• [Problem requirements]: Copy exactly the lines of the data below that run from the line holding "split; [apply step_arg_bounds|apply" through the line holding "pose proof (log_ratio_le_atanh_sum 6 (181823/791923)", both ends included.

Saved data entries:
::::

(* Let $A$ be a finitely generated torsion $\Lambda$-module, $M=A^\circ$ its $\mathbb{Z}_p$-torsion submodule. (i) If $x\in M$ with $p\le p^l=\mathrm{ess.ord}(x)$ and $g\in\Lambda$ satisfies $gx=0$, then $g\equiv 0\bmod p^l$. (ii) There is a distinguished polynomial $G(T)\in\mathbb{Z}_p[T]$ such that $G(T)A\subseteq M$ and $\mathrm{ord}(y)=\mathrm{ess.ord}(y)$ for all $y\in G(T)A$. (iii) If $x\in A\setminus D(A)$ and $p^{\delta(x)}x=c+z$ with $c\in\mathcal{L}(A)$, $z\in M$, then $c\notin p\,\mathcal{L}(A)$.
   Context: $p$ is an odd prime, $\Lambda=\mathbb{Z}_p[[T]]$. For a finitely generated torsion $\Lambda$-module $A$: $A^\circ=M(A)$ is its $\mathbb{Z}_p$-torsion submodule; $\mathcal{L}(A)=\{x\in A:\ p\text{-rank}(\Lambda x)<\infty\}$; $D(A)=\mathcal{L}(A)+M(A)$ (the module of decomposable elements). For $x\in M(A)$, $\mathrm{ord}(x)=\min\{p^k: p^kx=0\}$ and the essential order $\mathrm{ess.ord}(x)$ is the common value of $\mathrm{ord}(T^jx)$ for all sufficiently large $j$. For $x\in A\setminus D(A)$, $\delta(x)=\min\{k>0: p^kx\in D(A)\}$. *)

From HB Require Import structures.
From mathcomp Require Import all_boot all_order all_algebra.
Set Implicit Arguments. Unset Strict Implicit. Unset Printing Implicit Defensive.
Import GRing.Theory.

Section Iwasawa.
Variable p : nat.

(* p-adic integers as digit expansions a = sum_n (a n) p^n, digits in 'F_p
   (for p prime, 'F_p is exactly {0,..,p-1}). *)
Definition Zp := nat -> 'F_p.

Definition zp_trunc (a : Zp) (n : nat) : nat := \sum_(i < n) (a i : nat) * p ^ i.

(* digit n of x is (x %/ p^n) mod p; it only depends on x mod p^(n+1) *)
Definition zp_nat (m : nat) : Zp := fun n => inZp (m %/ p ^ n).
Definition zp_zero : Zp := zp_nat 0.
Definition zp_one : Zp := zp_nat 1.
Definition zp_add (a b : Zp) : Zp :=
  fun n => inZp ((zp_trunc a n.+1 + zp_trunc b n.+1) %/ p ^ n).
Definition zp_mul (a b : Zp) : Zp :=
  fun n => inZp ((zp_trunc a n.+1 * zp_trunc b n.+1) %/ p ^ n).
Definition zp_opp (a : Zp) : Zp :=
  fun n => inZp ((p ^ n.+1 - zp_trunc a n.+1) %/ p ^ n).

(* Lambda = Z_p[[T]] : coefficient sequences *)
Definition Lam := nat -> Zp.
Definition lam_const (c : Zp) : Lam := fun i => if i == 0 then c else zp_zero.
Definition lam_zero : Lam := lam_const zp_zero.
Definition lam_one : Lam := lam_const zp_one.
Definition lam_T : Lam := fun i => if i == 1 then zp_one else zp_zero.
Definition lam_add (f g : Lam) : Lam := fun i => zp_add (f i) (g i).
Definition lam_mul (f g : Lam) : Lam :=
  fun i => \big[zp_add/zp_zero]_(j < i.+1) zp_mul (f j) (g (i - j)).

(* distinguished polynomial: monic polynomial in Z_p[T] whose non-leading
   coefficients are divisible by p *)
Definition distinguished (G : Lam) : Prop :=
  exists n, [/\ G n = zp_one,
               (forall i, n < i -> G i = zp_zero) &
               (forall i, i < n -> (G i 0 : nat) = 0)].

Record is_lam_module (A : zmodType) (act : Lam -> A -> A) : Prop := {
  act_addr : forall f x y, (act f (x + y) = act f x + act f y)%R;
  act_addl : forall f g x, (act (lam_add f g) x = act f x + act g x)%R;
  act_mul  : forall f g x, act (lam_mul f g) x = act f (act g x);
  act_one  : forall x, act lam_one x = x }.

Section Module.
Variables (A : zmodType) (act : Lam -> A -> A).

Definition finitely_generated : Prop :=
  exists n (e : 'I_n -> A), forall x : A,
    exists c : 'I_n -> Lam, (x = \sum_(i < n) act (c i) (e i))%R.

Definition lam_torsion : Prop :=
  forall x : A, exists2 f : Lam, f <> lam_zero & (act f x = 0)%R.

Definition inM (x : A) : Prop := exists k, (x *+ (p ^ k) = 0)%R.

Definition is_ord (x : A) (k : nat) : Prop :=
  (x *+ (p ^ k) = 0)%R /\ forall k', k' < k -> (x *+ (p ^ k') <> 0)%R.

Definition is_essord (x : A) (l : nat) : Prop :=
  exists J, forall j, J <= j -> is_ord (iter j (act lam_T) x) l.

(* L(A): p-rank of Lambda x finite, i.e. (Lambda x)/p(Lambda x) finite *)
Definition inL (x : A) : Prop :=
  exists n (s : nat -> Lam), forall f : Lam,
    exists2 i, i < n & exists g : Lam, (act f x = act (s i) x + (act g x) *+ p)%R.

Definition inD (x : A) : Prop :=
  exists c z, [/\ inL c, inM z & (x = c + z)%R].

Definition is_delta (x : A) (k : nat) : Prop :=
  [/\ 0 < k, inD (x *+ (p ^ k))%R &
      forall k', 0 < k' < k -> ~ inD (x *+ (p ^ k'))%R].

End Module.
End Iwasawa.
(* Let $q_1,q_2,q_3\in(0,1)$ with $q_1+q_2+q_3=1$. On $\mathbb{C}^3$ with basis $\{|0\rangle,|1\rangle,|2\rangle\}$ define the unitaries $L_1=|0\rangle\langle0|+|1\rangle\langle1|+|2\rangle\langle2|$, $L_2=|1\rangle\langle0|+|2\rangle\langle1|+|0\rangle\langle2|$, $L_3=-|0\rangle\langle0|+|1\rangle\langle1|+|2\rangle\langle2|$, $S_1=|2\rangle\langle0|+|0\rangle\langle1|+|1\rangle\langle2|$, $S_2=-|1\rangle\langle0|+|2\rangle\langle1|+|0\rangle\langle2|$, $S_3=-|2\rangle\langle0|+|0\rangle\langle1|+|1\rangle\langle2|$, and the noisy unitary channels $\mathcal{L}(\rho)=\sum_{k=1}^3 q_kL_k\rho L_k^\dagger$ and $\mathcal{S}(\rho)=\sum_{k=1}^3 q_kS_k\rho S_k^\dagger$. Then the optimal probe for discriminating $\mathcal{L}$ and $\mathcal{S}$ is a non-maximally entangled state: the maximum of the success probability over all probes is attained by a non-maximally entangled pure state of $\mathbb{C}^3\otimes\mathbb{C}^3$.
   Context: For two channels chosen with equal priors $1/2$, the single-shot success probability with a single-system probe $\rho$ is $\frac12+\frac14\|\mathcal{N}_1(\rho)-\mathcal{N}_2(\rho)\|_1$, and with a bipartite probe $\rho_{AB}$ on $\mathbb{C}^3\otimes\mathbb{C}^{d'}$ (channel acting on $A$) it is $\frac12+\frac14\|(\mathcal{N}_1\otimes\mathrm{id})(\rho_{AB})-(\mathcal{N}_2\otimes\mathrm{id})(\rho_{AB})\|_1$; $\|\cdot\|_1$ is the trace norm. The optimal probe maximizes this over all single-system and bipartite probes. A pure state on $\mathbb{C}^3\otimes\mathbb{C}^3$ is maximally entangled if its reduced states are $\mathbb{I}_3/3$; non-maximally entangled means entangled but not maximally entangled. *)

From HB Require Import structures.
From mathcomp Require Import all_boot all_order all_algebra.
From mathcomp Require Import classical_sets reals.
From mathcomp Require Import complex mxtens.
Set Implicit Arguments. Unset Strict Implicit. Unset Printing Implicit Defensive.
Import Order.TTheory GRing.Theory Num.Theory.
Local Open Scope ring_scope.
Local Open Scope complex_scope.

Section Quantum.
Variable R : realType.
Local Notation C := R[i].

Definition adj {m n} (A : 'M[C]_(m, n)) : 'M[C]_(n, m) := (map_mx Num.conj A)^T.

(* positive semidefinite: <v|A|v> >= 0 for all v (in the order of C, 0 <= z
   means z is real and nonnegative) *)
Definition psd {n} (A : 'M[C]_n) : Prop :=
  forall v : 'cV[C]_n, 0 <= (adj v *m A *m v) 0 0.

Definition density {n} (rho : 'M[C]_n) : Prop := psd rho /\ \tr rho = 1.

(* trace norm ||X||_1 = tr sqrt(X^dagger X), sqrt = the (unique) PSD square root *)
Definition trnorm {m n} (X : 'M[C]_(m, n)) : C :=
  \tr (xget 0 [set S : 'M[C]_n | psd S /\ S *m S = adj X *m X]).

Definition ketbra (i j : 'I_3) : 'M[C]_3 := delta_mx i j.
Definition k0 : 'I_3 := @Ordinal 3 0 isT.
Definition k1 : 'I_3 := @Ordinal 3 1 isT.
Definition k2 : 'I_3 := @Ordinal 3 2 isT.

Definition chan (q : 'I_3 -> R) (K : 'I_3 -> 'M[C]_3) (rho : 'M[C]_3) : 'M[C]_3 :=
  \sum_(k < 3) (q k)%:C *: (K k *m rho *m adj (K k)).

Definition chanA (d : nat) (q : 'I_3 -> R) (K : 'I_3 -> 'M[C]_3)
    (rho : 'M[C]_(3 * d)) : 'M[C]_(3 * d) :=
  \sum_(k < 3) (q k)%:C *:
     ((K k *t (1%:M : 'M[C]_d)) *m rho *m adj (K k *t (1%:M : 'M[C]_d))).

(* success probabilities, equal priors *)
Definition psucc1 q (K1 K2 : 'I_3 -> 'M[C]_3) (rho : 'M[C]_3) : C :=
  1 / 2 + 1 / 4 * trnorm (chan q K1 rho - chan q K2 rho).
Definition psucc2 d q (K1 K2 : 'I_3 -> 'M[C]_3) (rho : 'M[C]_(3 * d)) : C :=
  1 / 2 + 1 / 4 * trnorm (chanA q K1 rho - chanA q K2 rho).

Definition proj {n} (psi : 'cV[C]_n) : 'M[C]_n := psi *m adj psi.
Definition unit_vec {n} (psi : 'cV[C]_n) : Prop := (adj psi *m psi) 0 0 = 1.

Definition ptrB {m n} (rho : 'M[C]_(m * n)) : 'M[C]_m :=
  \matrix_(i, j) \sum_(k < n) rho (mxtens_index (i, k)) (mxtens_index (j, k)).
Definition ptrA {m n} (rho : 'M[C]_(m * n)) : 'M[C]_n :=
  \matrix_(i, j) \sum_(k < m) rho (mxtens_index (k, i)) (mxtens_index (k, j)).
(* The numerators below, expanded in powers of [x - 4] and [x - 1], have positive coefficients. *)
Lemma theta_certificate x : 4 <= x ->
  let u := / (x + 1) in let v := step_arg theta_R x in
  0 < 2 - x * (2 * (u + u ^ 3 / 3 + u ^ 5 / 5 + u ^ 7 / 7 * (25/24)))
        - 2 * (v + v ^ 3 / 3 + v ^ 5 / 5 * (16/15)).
Proof.
intros hx u v.
assert (hq : 0 < -100440 + x * (45360 + x * (7166880 + x * (12320100 + x * (6998400
  + x * 1312200))))) by nra.
match goal with |- 0 < ?e => replace e with (
    ((1407607373535377453055380548217183885139456000000/7) + (x - 4) *
    ((10488182345589353922498478104202025855273702400000/7) + (x - 4) *
    ((5000082148265082616199197815891824842466641920000) + (x - 4) *
    ((71571282534090969731088393072945472240154664960000/7) + (x - 4) *
    ((102162091972689755001696077414515073042518233600000/7) + (x - 4) *
    ((109295577187867671955225481767238901060762470400000/7) + (x - 4) *
    ((91596169434410580227436617932978344531584409600000/7) + (x - 4) *
    ((8849185075599130457782606266375671012674828800000) + (x - 4) *
    ((34517719504166012823960633277119392715840076800000/7) + (x - 4) *
    ((16090097171373016502619453875168403592555545600000/7) + (x - 4) *
    ((6343827157116581825755351197214916884703020800000/7) + (x - 4) *
    ((304661044419619733168235546024701270963919360000) + (x - 4) *
    ((614783048396424206950285772582380567054044672000/7) + (x - 4) *
    ((152545453513389924664616420795002852119869760000/7) + (x - 4) *
    ((4663772640073475104518423599496786532713600000) + (x - 4) *
    ((6028833393483059938768198846204914404006400000/7) + (x - 4) *
    ((959665306815122436969582793183393140813600000/7) + (x - 4) *
    ((131314241186282340926547198719423505696000000/7) + (x - 4) *
    ((15375634537201067492075549132907895656000000/7) + (x - 4) *
    ((1530264154519973466777550924323681696000000/7) + (x - 4) *
    ((128236821087828993850352304482188320000000/7) + (x - 4) *
    ((1275854585925423676753632651477120000000) + (x - 4) *
    ((507605843483594147519344673271360000000/7) + (x - 4) *
    ((22941413514851594287997917728000000000/7) + (x - 4) *
    ((793098925382630565361734004800000000/7) + (x - 4) *
    ((2814003005140128918383884800000000) + (x - 4) * ((312962390766499665863376000000000/7)
    + (x - 4) * (341335213283415601036800000000)))))))))))))))))))))))))))) / ((x+1)^7 *
    ((-100440) + x * ((45360) + x * ((7166880) + x * ((12320100) + x * ((6998400) + x *
    (1312200))))))^5)) by (unfold u, v, step_arg, theta_R; field; repeat split; nra) end.
apply Rdiv_lt_0_compat; [horner_pos|].
apply Rmult_lt_0_compat; apply pow_lt; lra.
Qed.

Lemma nu_certificate x : 1 <= x ->
  let u := / (x + 1) in let v := step_arg nu_R x in
  2 - x * (2 * (u + u ^ 3 / 3 + u ^ 5 / 5)) - 2 * (v + v ^ 3 / 3 + v ^ 5 / 5) < 0.
Proof.
intros hx u v.
assert (hq : 0 < -75060 + x * (-313470 + x * (-66015 + x * (14360355 + x * (31807080
  + x * (26316900 + x * (9622800 + x * 1312200))))))) by nra.
match goal with |- ?e < 0 => replace e with (
    - ((1648155618822182673995520404141471040000) + (x - 1) *
    ((33728999674935929734288374458354267760000) + (x - 1) *
    ((332131414411620646468630505503502051700000) + (x - 1) *
    ((2096236595069338611906823011772107342600000) + (x - 1) *
    ((9530390716292563600788399913819282774350000) + (x - 1) *
    ((33257645517487048896225316170674755224315000) + (x - 1) *
    ((92689111286453731676986543736622023036246250) + (x - 1) *
    ((211956691133743366657371460889887292260725000) + (x - 1) *
    ((405472908585317423804018506342380885222037500) + (x - 1) *
    ((658322669171552794435298756222937983615850000) + (x - 1) *
    ((917194623204220595951223796772392634799948750) + (x - 1) *
    ((1105961038154121338306857124485242397827120000) + (x - 1) *
    ((1161912535811951941172545641185435878597875000) + (x - 1) *
    ((1069121773416331357039683933575237826274575000) + (x - 1) *
    ((865068711338805811397852586841419464074443750) + (x - 1) *
    ((617390594961089715159402368953031315698485000) + (x - 1) *
    ((389487807448806178101414313439381623859437500) + (x - 1) *
    ((217494597320248133551055397356825128152900000) + (x - 1) *
    ((107571603929740006490829505771521012456581250) + (x - 1) *
    ((47119271400779918769892404353007720391950000) + (x - 1) *
    ((18263517717653250770568920016482091068580000) + (x - 1) *
    ((6253788172092102277702597576727393935320000) + (x - 1) *
    ((1887035976564047878422985144445966259600000) + (x - 1) *
    ((499989764974962272101550323600195299600000) + (x - 1) *
    ((115778516648438226753532422044241163200000) + (x - 1) *
    ((23285075653874828582934142704315120000000) + (x - 1) *
    ((4034449940730602726600275593546468000000) + (x - 1) *
    ((595846210574224011759749330780592000000) + (x - 1) *
    ((73962976528139159186843424930720000000) + (x - 1) *
    ((7570849333690982337329236564800000000) + (x - 1) *
    ((622178387933698669192754209920000000) + (x - 1) *
    ((39461445643344219756063043200000000) + (x - 1) * ((1813093895156229016220563200000000)
    + (x - 1) * ((53701983770419016349235200000000) + (x - 1) *
    (769818707256608825040000000000))))))))))))))))))))))))))))))))))) / ((x+1)^5 *
    ((-75060) + x * ((-313470) + x * ((-66015) + x * ((14360355) + x * ((31807080) + x *
    ((26316900) + x * ((9622800) + x * (1312200))))))))^5))
  by (unfold u, v, step_arg, nu_R, theta_R; field; repeat split; nra) end.
rewrite Rdiv_opp_l. apply Ropp_lt_gt_0_contravar.
apply Rdiv_lt_0_compat; [horner_pos|].
apply Rmult_lt_0_compat; apply pow_lt; lra.
Qed.

Lemma err_step_theta_pos x : 4 <= x -> 0 < err_step theta_R x.
Proof.
intros hx. pose proof (theta_certificate x hx) as hc. cbv zeta in hc. unfold err_step.
set (u := / (x + 1)) in *. set (v := step_arg theta_R x) in *.
assert (hu : 0 <= u <= 1/5).
{ split; [apply Rlt_le, Rinv_0_lt_compat; lra|].
  apply (Rmult_le_reg_r (x + 1)); [lra|]. unfold u. rewrite Rinv_l; lra. }
assert (hv : 0 <= v <= 1/4).
{ pose proof (theta_R_bounds x ltac:(lra)). pose proof (theta_R_bounds (x + 2) ltac:(lra)).
  split; [apply step_arg_bounds|apply step_arg_le_quarter]; lra. }
assert (hLu : log_ratio u <= 2 * (u + u ^ 3 / 3 + u ^ 5 / 5 + u ^ 7 / 7 * (25/24))).
{ replace (u + u ^ 3 / 3 + u ^ 5 / 5 + u ^ 7 / 7 * (25/24))
    with (atanh_sum 3 u + u ^ (2 * 3 + 1) / (INR (2 * 3 + 1) * (1 - (1/5) ^ 2)))
    by (simpl; field).
  apply log_ratio_le_atanh_sum; lra. }
assert (hLv : log_ratio v <= 2 * (v + v ^ 3 / 3 + v ^ 5 / 5 * (16/15))).
{ replace (v + v ^ 3 / 3 + v ^ 5 / 5 * (16/15))
    with (atanh_sum 2 v + v ^ (2 * 2 + 1) / (INR (2 * 2 + 1) * (1 - (1/4) ^ 2)))
    by (simpl; field).
  apply log_ratio_le_atanh_sum; lra. }
assert (x * log_ratio u <= x * (2 * (u + u ^ 3 / 3 + u ^ 5 / 5 + u ^ 7 / 7 * (25/24))))
  by (apply Rmult_le_compat_l; lra).
lra.
Qed.

Lemma err_step_nu_neg x : 1 <= x -> err_step nu_R x < 0.
Proof.
intros hx. pose proof (nu_certificate x hx) as hc. cbv zeta in hc. unfold err_step.
set (u := / (x + 1)) in *. set (v := step_arg nu_R x) in *.
assert (hu : 0 <= u < 1).
{ split; [apply Rlt_le, Rinv_0_lt_compat; lra|].
  apply (Rmult_lt_reg_r (x + 1)); [lra|]. unfold u. rewrite Rinv_l; lra. }
assert (hv : 0 <= v < 1).
{ pose proof (nu_R_bounds x ltac:(lra)). pose proof (nu_R_bounds (x + 2) ltac:(lra)).
  pose proof (theta_R_bounds x ltac:(lra)). pose proof (theta_R_bounds (x + 2) ltac:(lra)).
  apply step_arg_bounds; lra. }
assert (hsum : forall z, atanh_sum 3 z = z + z ^ 3 / 3 + z ^ 5 / 5) by (intros; simpl; field).
pose proof (log_ratio_ge_atanh_sum 3 u hu) as hLu.
pose proof (log_ratio_ge_atanh_sum 3 v hv) as hLv. rewrite hsum in hLu, hLv.
assert (x * (2 * (u + u ^ 3 / 3 + u ^ 5 / 5)) <= x * log_ratio u)
  by (apply Rmult_le_compat_l; lra).
lra.
Qed.

Lemma err_step_theta_3_5 : 0 < err_step theta_R 3 + err_step theta_R 5.
Proof.
unfold err_step.
replace (/ (3 + 1)) with (1/4) by field. replace (/ (5 + 1)) with (1/6) by field.
replace (step_arg theta_R 3) with (181823/791923) by (unfold step_arg, theta_R; field).
replace (step_arg theta_R 5) with (991047/6292553) by (unfold step_arg, theta_R; field).
pose proof (log_ratio_le_atanh_sum 6 (1/4) (1/4) ltac:(lra) ltac:(lra)) as H1.
pose proof (log_ratio_le_atanh_sum 6 (1/6) (1/4) ltac:(lra) ltac:(lra)) as H2.
pose proof (log_ratio_le_atanh_sum 6 (181823/791923) (1/4) ltac:(lra) ltac:(lra)) as H3.
pose proof (log_ratio_le_atanh_sum 6 (991047/6292553) (1/4) ltac:(lra) ltac:(lra)) as H4.
simpl in H1, H2, H3, H4.
lra.
Qed.

Lemma exp_le_compat x y : x <= y -> exp x <= exp y.
Proof.
intros h. destruct (Req_dec x y) as [->|hn]; [lra|]. apply Rlt_le, exp_increasing; lra.
Qed.

Lemma filterlim_pinfty_of_eps (F : R -> R) (l : R) :
  (forall eps, 0 < eps -> exists M, forall t, M < t -> Rabs (F t - l) < eps) ->
  filterlim F (Rbar_locally p_infty) (locally l).
Proof.
intros H. apply filterlim_locally. intros eps.
destruct (H eps (cond_pos eps)) as [M HM]. exists M. intros t ht. now apply HM.
Qed.

Lemma filterlim_right0_of_eps (F : R -> R) (l : R) :
  (forall eps, 0 < eps -> exists d, 0 < d /\ forall t, 0 < t < d -> Rabs (F t - l) < eps) ->
  filterlim F (at_right 0) (locally l).
Proof.
intros H. apply filterlim_locally. intros eps.
destruct (H eps (cond_pos eps)) as [d [hd Hd]].
exists (mkposreal d hd). intros y hy hy0. apply Hd.
change (Rabs (y - 0) < d) in hy. rewrite Rminus_0_r, Rabs_right in hy; lra.
Qed.

Lemma ex_lim_pinfty_incr_bounded (F : R -> R) (M : R) :
  (forall a b, 0 < a -> a <= b -> F a <= F b) ->
  (forall b, 0 < b -> F b <= M) ->
  exists l, filterlim F (Rbar_locally p_infty) (locally l).
Proof.
intros Hm Hb.
set (E := fun y => exists b, 0 < b /\ y = F b).
assert (hE : bound E) by (exists M; intros y [b [hb ->]]; now apply Hb).
assert (hE2 : exists y, E y) by (exists (F 1), 1; split; [lra|reflexivity]).
destruct (completeness E hE hE2) as [l [hl1 hl2]].
exists l. apply filterlim_pinfty_of_eps. intros eps heps.
destruct (classic (exists b, 0 < b /\ l - eps < F b)) as [[b0 [hb0 hb0']]|hn].
- exists b0. intros t ht.
  assert (F b0 <= F t) by (apply Hm; lra).
  assert (F t <= l) by (apply hl1; exists t; split; [lra|reflexivity]).
  rewrite Rabs_left1 by lra. lra.
- exfalso. enough (l <= l - eps) by lra.
  apply hl2. intros y [b [hb ->]].
  apply Rnot_lt_le. intros hc. apply hn. now exists b.
Qed.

::::

• [Reply to the task]:
  split; [apply step_arg_bounds|apply step_arg_le_quarter]; lra. }
assert (hLu : log_ratio u <= 2 * (u + u ^ 3 / 3 + u ^ 5 / 5 + u ^ 7 / 7 * (25/24))).
{ replace (u + u ^ 3 / 3 + u ^ 5 / 5 + u ^ 7 / 7 * (25/24))
    with (atanh_sum 3 u + u ^ (2 * 3 + 1) / (INR (2 * 3 + 1) * (1 - (1/5) ^ 2)))
    by (simpl; field).
  apply log_ratio_le_atanh_sum; lra. }
assert (hLv : log_ratio v <= 2 * (v + v ^ 3 / 3 + v ^ 5 / 5 * (16/15))).
{ replace (v + v ^ 3 / 3 + v ^ 5 / 5 * (16/15))
    with (atanh_sum 2 v + v ^ (2 * 2 + 1) / (INR (2 * 2 + 1) * (1 - (1/4) ^ 2)))
    by (simpl; field).
  apply log_ratio_le_atanh_sum; lra. }
assert (x * log_ratio u <= x * (2 * (u + u ^ 3 / 3 + u ^ 5 / 5 + u ^ 7 / 7 * (25/24))))
  by (apply Rmult_le_compat_l; lra).
lra.
Qed.

Lemma err_step_nu_neg x : 1 <= x -> err_step nu_R x < 0.
Proof.
intros hx. pose proof (nu_certificate x hx) as hc. cbv zeta in hc. unfold err_step.
set (u := / (x + 1)) in *. set (v := step_arg nu_R x) in *.
assert (hu : 0 <= u < 1).
{ split; [apply Rlt_le, Rinv_0_lt_compat; lra|].
  apply (Rmult_lt_reg_r (x + 1)); [lra|]. unfold u. rewrite Rinv_l; lra. }
assert (hv : 0 <= v < 1).
{ pose proof (nu_R_bounds x ltac:(lra)). pose proof (nu_R_bounds (x + 2) ltac:(lra)).
  pose proof (theta_R_bounds x ltac:(lra)). pose proof (theta_R_bounds (x + 2) ltac:(lra)).
  apply step_arg_bounds; lra. }
assert (hsum : forall z, atanh_sum 3 z = z + z ^ 3 / 3 + z ^ 5 / 5) by (intros; simpl; field).
pose proof (log_ratio_ge_atanh_sum 3 u hu) as hLu.
pose proof (log_ratio_ge_atanh_sum 3 v hv) as hLv. rewrite hsum in hLu, hLv.
assert (x * (2 * (u + u ^ 3 / 3 + u ^ 5 / 5)) <= x * log_ratio u)
  by (apply Rmult_le_compat_l; lra).
lra.
Qed.

Lemma err_step_theta_3_5 : 0 < err_step theta_R 3 + err_step theta_R 5.
Proof.
unfold err_step.
replace (/ (3 + 1)) with (1/4) by field. replace (/ (5 + 1)) with (1/6) by field.
replace (step_arg theta_R 3) with (181823/791923) by (unfold step_arg, theta_R; field).
replace (step_arg theta_R 5) with (991047/6292553) by (unfold step_arg, theta_R; field).
pose proof (log_ratio_le_atanh_sum 6 (1/4) (1/4) ltac:(lra) ltac:(lra)) as H1.
pose proof (log_ratio_le_atanh_sum 6 (1/6) (1/4) ltac:(lra) ltac:(lra)) as H2.
pose proof (log_ratio_le_atanh_sum 6 (181823/791923) (1/4) ltac:(lra) ltac:(lra)) as H3.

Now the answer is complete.